Dr. Achour went on to describe environmental challenges. “Being able to operate in low light, bright light, and bad weather is also important. Lidar is not capable of operating in bad weather conditions. We also found that operating in Florida where you have a lot of mosquitos can even be a problem. Dirty roads are also a challenge. This is where radar excels. With its 3.8mm wavelength, sub-one-degree resolution can be reached at long ranges with specific power allocated. However, the problem with today’s radar is it can only detect the object, distance and speed. But this isn’t sufficient for an autonomous driver. You need to know what the object is – a bike? Person walking? An animal? Object classification becomes critical.”
Dr. Achour went on to describe the challenges with training the radar. There are a number of aspects that fall under the AI engine for autonomous driving. Melding computer vision with taking a sequence of radar scans to pass a list of objects categories, and velocities onto the driver AI.
Radar has a stream of data that adds critical information to solve the autonomous driver AI challenge. One example is radial velocity. You’ll get reflections from road and signs and everything running at a different velocity in reference to the ground. This is where you need to do a whole new class of AI operations on data that Lidar cannot provide.
Another key is building into the AI the ability to shape and steer the bean in a similar way to how drivers’ eyes continually scan and also use peripheral vision. This is another key to the Metawave combined sensor module.
The key to effective AI integration is mixing the proper available, established algorithms and tools with enough core AI experience to know how to effectively design and train the AI.

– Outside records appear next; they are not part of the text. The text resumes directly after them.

Lemma subgroupX (G : topGroupType) (S : set G) x m :
  is_subgroup S -> S x -> S (x ^+ m).
Proof.
by move=> [S1 SM _] Sx; elim: m => [|m IH]; rewrite ?expg0 ?expgS //; apply: SM.
Qed.

Lemma subgroupI (G : topGroupType) (A B : set G) :
  is_subgroup A -> is_subgroup B -> is_subgroup (A `&` B).
Proof.
move=> [A1 AM AV] [B1 BM BV].
by split=> [|x y [Ax Bx] [Ay By]|x [Ax Bx]]; split; auto.
Qed.

Lemma subgroup_core (G : topGroupType) (S : set G) :
  is_subgroup S -> is_subgroup [set g | forall x, S (g ^ x)].
Proof.
move=> [S1 SM SV]; split=> [x|a b Sa Sb x|a Sa x].
- by rewrite conj1g.
- by rewrite conjMg; apply: SM.
- by rewrite conjVg; apply: SV.
Qed.

Section TopologicalGroup.
Variable G : topGroupType.
Hypothesis tG : topological_group G.

Lemma nbhs_mul (x y : G) W : nbhs (x * y) W -> exists A B,
  [/\ nbhs x A, nbhs y B & forall a b, A a -> B b -> W (a * b)].
Proof.
move=> /(tG.1 (x, y)) [[A B] /= [hA hB] AB].
by exists A, B; split=> // a b Aa Bb; exact: (AB (a, b)).
Qed.

Lemma nbhs_inv (x : G) W : nbhs x^-1 W -> nbhs x [set a | W a^-1].
Proof. exact: tG.2. Qed.

Lemma nbhs_lmul (a y : G) W : nbhs (a * y) W -> nbhs y [set b | W (a * b)].
Proof.
move=> /nbhs_mul [A [B [hA hB AB]]]; apply: filterS hB => b Bb.
exact: AB (nbhs_singleton hA) Bb.
Qed.

Lemma open_lmul (a : G) U : open U -> open [set b | U (a * b)].
Proof.
by rewrite !openE => oU y Uy; apply: nbhs_lmul; exact: oU.
Qed.

Lemma nbhs_conj (k g : G) W : nbhs (g ^ k) W -> exists A B,
  [/\ nbhs k A, nbhs g B & forall a b, A a -> B b -> W (b ^ a)].
Proof.
move=> /nbhs_mul [A1 [A2 [h1 /nbhs_mul [B [A3 [hB h3 BA3]]] A12]]].
exists ([set a | A1 a^-1] `&` A3), B; split => //.
  by apply: filterI => //; exact: nbhs_inv.
by move=> a b [A1a A3a] Bb; apply: A12 => //; apply: BA3.
Qed.

Lemma continuous_expg m : continuous (fun z : G => z ^+ m).
Proof.
elim: m => [|m IH] x; first exact: cst_continuous.
move=> W /=; rewrite expgS => /nbhs_mul [A [B [hA hB AB]]].
apply: filterS (filterI hA (IH x B hB)) => z [Az Bz].
by rewrite /= expgS; exact: AB.
Qed.

Lemma subgroup_open (S V : set G) :
  is_subgroup S -> nbhs 1 V -> V `<=` S -> open S.
Proof.
move=> [_ SM SV] hV VS; rewrite openE => h Sh.
have : nbhs (h^-1 * h) V by rewrite mulVg.
move/nbhs_lmul; apply: filterS => y /VS /(SM _ _ Sh).
by rewrite mulKVg.
Qed.

Lemma closure_subgroup (S : set G) : is_subgroup S -> is_subgroup (closure S).
Proof.
move=> [S1 SM SV]; split; first exact: subset_closure.
  move=> x y clx cly B /nbhs_mul [A1 [B1 [h1 h2 AB]]].
  have [a [Sa A1a]] := clx A1 h1; have [b [Sb B1b]] := cly B1 h2.
  by exists (a * b); split; [apply: SM | apply: AB].
move=> x clx B /nbhs_inv hB; have [a [Sa Ba]] := clx _ hB.
by exists a^-1; split => //; apply: SV.
Qed.

Hypothesis cG : compact [set: G].

(* [H] is the stabiliser of [C] under right multiplication; the tube lemma
   makes it open, and, applied to conjugation on the compact [G], makes its
   core [N] open too. *)
Lemma open_normal_subgroup_sub (C : set G) : clopen C -> C 1 ->
  exists N, [/\ is_subgroup N, open N, normal_in N [set: G] & N `<=` C].
Proof.
move=> [oC cC] C1.
pose H := [set g | forall c, C c -> C (c * g) /\ C (c * g^-1)].
have sgH : is_subgroup H.
  split.
  - by move=> c Cc; rewrite invg1 mulg1.
  - move=> x y Hx Hy c Cc; have [Cx _] := Hx c Cc; split.
      by rewrite mulgA; exact: (Hy _ Cx).1.
    by rewrite invgM mulgA; apply: (Hx _ (Hy c Cc).2).2.
  - by move=> x Hx c Cc; rewrite invgK; have [] := Hx c Cc.
have [V hV CV] : exists2 V, nbhs 1 V & forall c v, C c -> V v -> C (c * v).
  apply: (compact_tube (X := pointed_group G)) => //.
  - exact: subclosed_compact cC cG _.
  - by move=> c Cc; rewrite mulg1.
  - by move=> c _ W; exact: nbhs_mul.
have VH : V `&` [set v | V v^-1] `<=` H.
  by move=> v [Vv Vv'] c Cc; split; apply: CV.
have oH : open H.
  apply: subgroup_open sgH _ VH; apply: filterI => //.
  by apply: nbhs_inv; rewrite invg1.
pose N := [set g | forall x, H (g ^ x)].
have sgN : is_subgroup N := subgroup_core sgH.
exists N; split => //.
- have [B hB BH] : exists2 B, nbhs 1 B & forall k b, setT k -> B b -> H (b ^ k).
    apply: (compact_tube (X := pointed_group G)) => //.
    + by move=> k _; rewrite conj1g; case: sgH.
    + by move=> k _ W; exact: nbhs_conj.
  by apply: subgroup_open sgN hB _ => b Bb x; exact: BH.
- by move=> x n _ Nn y; rewrite -mulgA -conjgE -conjgM.
- by move=> g /(_ 1) /(_ 1 C1) []; rewrite conjg1 mul1g.
Qed.

End TopologicalGroup.

Lemma profinite_open_normal_sub (G : topGroupType) (W : set G) :
  profinite G -> nbhs 1 W ->
  exists N, [/\ is_subgroup N, open N, normal_in N [set: G] & N `<=` W].
Proof.
move=> [tG hG cG tdG] hW.
have zdG : zero_dimensional (pointed_group G).
  exact: compact_totally_disconnected_zero_dimensional.
have [D [D1 clD] DW] := zero_dimensional_cvg hG zdG cG hW.
have [N [sgN oN nN ND]] := open_normal_subgroup_sub tG cG clD D1.
by exists N; split => // z /ND /DW.
Qed.

Lemma seq_coset_transversal (G : topGroupType) (Q N : set G) (t : seq G) :
  is_subgroup N -> (forall x, x \in t -> Q x) ->
  exists s : seq G, [/\ forall i, (i < size s)%N -> Q (nth 1 s i),
    forall x, x \in t -> exists2 i, (i < size s)%N & N ((nth 1 s i)^-1 * x)
  & forall i j, (i < size s)%N -> (j < size s)%N ->
      N ((nth 1 s i)^-1 * nth 1 s j) -> i = j].
Proof.
move=> [N1 NM NV]; elim: t => [|a t IH] tQ.
  by exists [::]; split => // x; rewrite in_nil.
have [|s [sQ tN sN]] := IH; first by move=> x xt; apply: tQ; rewrite inE xt orbT.
have Qa : Q a by apply: tQ; rewrite inE eqxx.
have [[i ilt Ni]|aN] :=
  pselect (exists2 i, (i < size s)%N & N ((nth 1 s i)^-1 * a)).
  by exists s; split => // x; rewrite inE => /predU1P[->|/tN]; first exists i.
exists (a :: s); split.
- by case=> [|i] //= /sQ.
- move=> x; rewrite inE => /predU1P[->|/tN [i ilt Ni]]; last by exists i.+1.
  by exists 0%N => //=; rewrite mulVg.
- case=> [|i] [|j] //= ilt jlt.
  + by move=> /NV; rewrite invgM invgK => Nj; case: aN; exists j.
  + by move=> Ni; case: aN; exists i.
  + by move=> /(sN i j ilt jlt) ->.
Qed.

Lemma open_subgroup_finite_index (G : topGroupType) (Q N : set G) :
  topological_group G -> compact [set: G] -> closed Q -> is_subgroup Q ->
  is_subgroup N -> rel_open Q N -> exists k, index_eq Q N k.
Proof.
move=> tG cG cQ [_ QM QV] sgN [U [oU NQU]].
have U1 : U 1 by have [N1 _ _] := sgN; move: N1; rewrite NQU => -[].
have : compact (Q : set (pointed_group G)) by exact: subclosed_compact cQ cG _.
rewrite compact_cover => /(_ _ Q (fun x => [set y | U (x^-1 * y)])).
case=> [x _|x Qx|D DQ QD]; first exact: open_lmul.
  by exists x => //=; rewrite mulVg.
have [|s [sQ DN sN]] := seq_coset_transversal (Q := Q) (t := enum_fset D) sgN.
  by move=> x /DQ/set_mem.
exists (size s), s; split => // z Qz.
have [x Dx Uxz] := QD z Qz.
have Nxz : N (x^-1 * z).
  by rewrite NQU; split => //; apply: QM => //; apply/QV/set_mem/DQ.
have [i ilt Ni] := DN x Dx; exists i => //.
by have [_ NM _] := sgN; have := NM _ _ Ni Nxz; rewrite mulgA mulgK.
Qed.

(* The finite quotient [Q / N] of index [n.+1], with coset representatives
   [s], is realised as the image of the permutation action of [Q] on the left
   cosets of [N], so that finite group theory applies to it. *)
Section CosetAction.
Variables (G : topGroupType) (Q N : set G) (n : nat) (s : seq G).
Hypotheses (sgQ : is_subgroup Q) (sgN : is_subgroup N) (nNQ : normal_in N Q).
Hypotheses (Qs : forall i, (i < n.+1)%N -> Q (nth 1 s i))
  (Qcover : forall x, Q x -> exists2 i, (i < n.+1)%N & N ((nth 1 s i)^-1 * x))
  (s_uniq : forall i j, (i < n.+1)%N -> (j < n.+1)%N ->
     N ((nth 1 s i)^-1 * nth 1 s j) -> i = j).

Let Q1 : Q 1. Proof. by case: sgQ. Qed.
Let QM x y : Q x -> Q y -> Q (x * y). Proof. by case: sgQ => _ + _; apply. Qed.
Let QV x : Q x -> Q x^-1. Proof. by case: sgQ => _ _; apply. Qed.
Let N1 : N 1. Proof. by case: sgN. Qed.
Let NM x y : N x -> N y -> N (x * y). Proof. by case: sgN => _ + _; apply. Qed.
Let NV x : N x -> N x^-1. Proof. by case: sgN => _ _; apply. Qed.

Let rep (i : 'I_n.+1) := nth 1 s i.
Let Qrep i : Q (rep i). Proof. exact: Qs (ltn_ord i). Qed.
Let QVrep x i : Q x -> Q (x^-1 * rep i). Proof. by move=> Qx; apply/QM/Qrep/QV. Qed.

Definition coset_index (z : G) : 'I_n.+1 :=
  odflt ord0 [pick i : 'I_n.+1 | `[< N ((nth 1 s i)^-1 * z) >]].

Lemma coset_indexP z : Q z -> N ((rep (coset_index z))^-1 * z).
Proof.
move=> Qz; rewrite /coset_index; case: pickP => [i /asboolP //|].
have [i ilt Ni] := Qcover Qz => /(_ (Ordinal ilt)).
by move/asboolP: Ni => ->.
Qed.

Lemma rep_inj i j : N ((rep i)^-1 * rep j) -> i = j.
Proof.
by move=> Nij; apply: val_inj; exact: s_uniq (ltn_ord i) (ltn_ord j) Nij.
Qed.

Lemma coset_index_eq z i : Q z -> N ((rep i)^-1 * z) -> coset_index z = i.
Proof.
move=> Qz Ni; apply: rep_inj; have := NM (coset_indexP Qz) (NV Ni).
by rewrite invgM invgK mulgA mulgK.
Qed.

Lemma coset_act_inj x : Q x -> injective (fun i => coset_index (x^-1 * rep i)).
Proof.
move=> Qx i j /= eij; apply: rep_inj.
have := NM (NV (coset_indexP (QVrep i Qx))) (coset_indexP (QVrep j Qx)).
by rewrite eij invgM invgK !mulgA mulgK invgM invgK mulgK.
Qed.

Definition coset_perm (x : G) : {perm 'I_n.+1} :=
  if pselect (Q x) is left Qx then perm (coset_act_inj Qx) else 1.

Lemma coset_permE x i : Q x -> coset_perm x i = coset_index (x^-1 * rep i).
Proof. by rewrite /coset_perm; case: pselect => // Qx _; rewrite permE. Qed.

Lemma coset_permM x y :
  Q x -> Q y -> coset_perm (x * y) = coset_perm x * coset_perm y.
Proof.
move=> Qx Qy; apply/permP => i; rewrite permM !coset_permE //; last exact: QM.
set j := coset_index (x^-1 * rep i).
apply: coset_index_eq.
  by rewrite invgM -mulgA; apply/QM/QVrep => //; exact: QV.
have := NM (coset_indexP (QVrep j Qy)) (coset_indexP (QVrep i Qx)).
by rewrite invgM !mulgA mulgK.
Qed.

Let i1 := coset_index 1.
Let N_rep_i1 : N (rep i1).
Proof. by have := NV (coset_indexP Q1); rewrite mulg1 invgK. Qed.

Lemma coset_perm_eq1 x : Q x -> (coset_perm x = 1 <-> N x).
Proof.
move=> Qx; split => [x1|Nx].
  have := coset_indexP (QVrep i1 Qx); rewrite -coset_permE // x1 perm1 => Nx'.
  have := nNQ (QV (Qrep i1)) Nx'; rewrite invgK !mulgA mulgV mul1g mulgK.
  by move/NV; rewrite invgK.
apply/permP => i; rewrite coset_permE // perm1.
by apply: coset_index_eq; [exact: QVrep|rewrite mulgA; apply: nNQ (Qrep i) (NV Nx)].
Qed.

Lemma coset_permX x m : Q x -> coset_perm (x ^+ m) = coset_perm x ^+ m.
Proof.
move=> Qx; elim: m => [|m IH]; first by rewrite !expg0; apply/(coset_perm_eq1 Q1).
by rewrite !expgS coset_permM ?IH //; exact: subgroupX.
Qed.

Definition coset_perms : {set {perm 'I_n.+1}} :=
  [set coset_perm (rep j)^-1 | j : 'I_n.+1].

Lemma coset_perm_in x : Q x -> coset_perm x \in coset_perms.
Proof.
move=> Qx; set j := coset_perm x i1.
have Nj : N ((rep j)^-1 * x^-1).
  have := NM (coset_indexP (QVrep i1 Qx)) (NV N_rep_i1).
  by rewrite -coset_permE // -mulgA mulgK.
have Nj' : N (x^-1 * (rep j)^-1) by have := nNQ Qx Nj; rewrite -mulgA mulgVK.
apply/imsetP; exists j => //.
have -> : (rep j)^-1 = x * (x^-1 * (rep j)^-1) by rewrite mulKVg.
rewrite coset_permM //; last by apply/QM/QV/Qrep/QV.
by rewrite (proj2 (coset_perm_eq1 _) Nj') ?mulg1 //; apply/QM/QV/Qrep/QV.
Qed.

Lemma coset_permsP g : g \in coset_perms -> exists2 x, Q x & g = coset_perm x.
Proof. by move=> /imsetP [j _ ->]; exists (rep j)^-1 => //; exact/QV/Qrep. Qed.

Lemma group_set_coset_perms : group_set coset_perms.
Proof.
apply/group_setP; split.
  by rewrite -(proj2 (coset_perm_eq1 Q1) N1) coset_perm_in.
move=> g h /coset_permsP [x Qx ->] /coset_permsP [y Qy ->].
by rewrite -coset_permM // coset_perm_in //; exact: QM.
Qed.

Canonical coset_perm_group := Group group_set_coset_perms.

Lemma card_coset_perm_group : #|coset_perm_group| = n.+1.
Proof.
rewrite card_imset ?card_ord // => j k /(congr1 (fun g : {perm 'I_n.+1} => g i1)).
have rep_i1 l : coset_perm (rep l)^-1 i1 = l.
  rewrite coset_permE; last exact/QV/Qrep.
  by apply: coset_index_eq; rewrite invgK ?mulKg //; apply: QM; exact: Qrep.
by rewrite !rep_i1.
Qed.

Other factors involve space, power consumption and AI decision latencies. All these things need to be considered when building the AI system.
The machine learning and training phase is typically best done in parallel leveraging high powered cloud environments due to the sheer amount of data required to train the AI.

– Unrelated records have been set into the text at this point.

Lemma srep_iso_signed_perm V W a e b f (phi : sidx V -> sidx W) (sg : sidx V -> bool) :
  signed_perm V a e -> signed_perm W b f -> bijective phi ->
  (forall g x, phi (a g x) = b g (phi x)) ->
  (forall g x, sg (a g x) = sg x (+) e g x (+) f g (phi x)) ->
  srep_iso (fun g => act g) V W.
Proof.
move=> [_ _ _ sV] [_ _ _ sW] [psi phiK psiK] phi_act sg_act.
have phi_eq w v : (w == phi v) = (v == psi w) by rewrite eq_sym (can2_eq phiK psiK).
exists (fun w x => (w == phi x)%:R * (-1) ^+ sg x), (fun x w => (w == phi x)%:R * (-1) ^+ sg x).
split => [v v' | w w' | g w v].
- under eq_bigr do rewrite -mulrA; rewrite sum_delta (inj_eq (can_inj phiK)).
  by case: eqVneq => [->|_]; rewrite ?mul1r -?signr_addb ?addbb // mul0r mulr0.
- under eq_bigr do rewrite phi_eq -mulrA; rewrite sum_delta psiK [w' == w]eq_sym.
  by rewrite mulrCA -signr_addb addbb mulr1.
- under eq_bigr do rewrite sV mulrA mulrC.
  under [RHS]eq_bigr do rewrite sW rmorphM rmorph_sign rmorph_nat mulrC -!mulrA.
  rewrite !sum_delta phi_act sg_act !signr_addb.
  by case: (w == _); case: (e g v); case: (sg v); case: (f g _);
    rewrite /= ?(expr0, expr1, mulr1, mul1r, mulrN, mulNr, mulr0, mul0r, opprK, oppr0).
Qed.

Lemma srep_iso_free V W a e b f :
  signed_perm V a e -> signed_perm W b f ->
  (forall g x, a g x = x -> g = 1%g) -> (forall g y, b g y = y -> g = 1%g) ->
  #|sidx V| = #|sidx W| -> srep_iso (fun g => act g) V W.
Proof.
move=> Vsp Wsp a_free b_free VW; have [a1 aM eM _] := Vsp; have [b1 bM fM _] := Wsp.
have [phi [phi_bij phi_act]] := free_action_equiv a1 aM a_free b1 bM b_free VW.
have [sg sg_act] : exists sg : sidx V -> bool,
    forall g x, sg (a g x) = sg x (+) (e g x (+) f g (phi x)).
  apply: free_cocycle_coboundary => // g h x.
  by rewrite eM fM phi_act addbACA.
by apply: (srep_iso_signed_perm (sg := sg) Vsp Wsp phi_bij phi_act) => g x; rewrite sg_act addbA.
Qed.

Lemma srep_iso_coprime V W d :
  signed_perm_dvd V d -> signed_perm_dvd W d -> coprime d #|gT| ->
  #|sidx V| = #|sidx W| -> srep_iso (fun g => act g) V W.
Proof.
move=> [a [e [Vsp dV]]] [b [f [Wsp dW]]] cop VW.
have order_trivial (g : gT) : (#[g]%g %| d)%N -> g = 1%g.
  move=> dg; apply/eqP; rewrite -order_eq1 -dvdn1 -(eqP cop) dvdn_gcd dg /=.
  by rewrite -cardsT; apply: cardSg; apply: subsetT.
by apply: (srep_iso_free Vsp Wsp) => // g x; [move/dV | move/dW]; apply: order_trivial.
Qed.

End Isomorphism.

End SignedPerm.

Unset Implicit Arguments.

Theorem theorem1p6 (gT : finGroupType) (R : comPzRingType)
  (act : gT -> {rmorphism R -> R})
  (act1 : forall x : R, act 1%g x = x)
  (actM : forall (g h : gT) (x : R), act (g * h)%g x = act g (act h x))
  (k : nat) (k_gt0 : (0 < k)%N) (cop : coprime k #|gT|) :
  exists m : nat,
    srep_iso (fun g => act g)
      (srep_sum (adams_pos k (srep_RG gT R)) (srep_copies m (srep_RG gT R)))
      (srep_sum (srep_sum (adams_neg k (srep_RG gT R)) (srep_RG gT R))
                (srep_copies m (srep_RG gT R))).
Proof.
exists 0%N; apply: (srep_iso_coprime act _ _ cop).
- apply: signed_perm_dvd_sum; first exact: signed_perm_dvd_adams_pos.
  by apply: signed_perm_dvd_copies; apply: signed_perm_dvd_RG.
- apply: signed_perm_dvd_sum; last first.
    by apply: signed_perm_dvd_copies; apply: signed_perm_dvd_RG.
  by apply: signed_perm_dvd_sum; [apply: signed_perm_dvd_adams_neg | apply: signed_perm_dvd_RG].
rewrite !card_sum card_adams_pos card_adams_neg !card_prod card_ord !mul0n !addn0.
exact: newton_binomial_balance.
Qed.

Finally, understanding the IoT application from deployment and given the computational resources, then determined capability can be delivered.
AI is evolving and advancing. But Harrison emphasized this is not Hollywood where some sentient computer will be taking over the world soon. “AI is different than what many people think – it’s a machine that’s crunching computation for the purposes of feeding a decision making engine. These environments are not going to take over the world anytime soon.”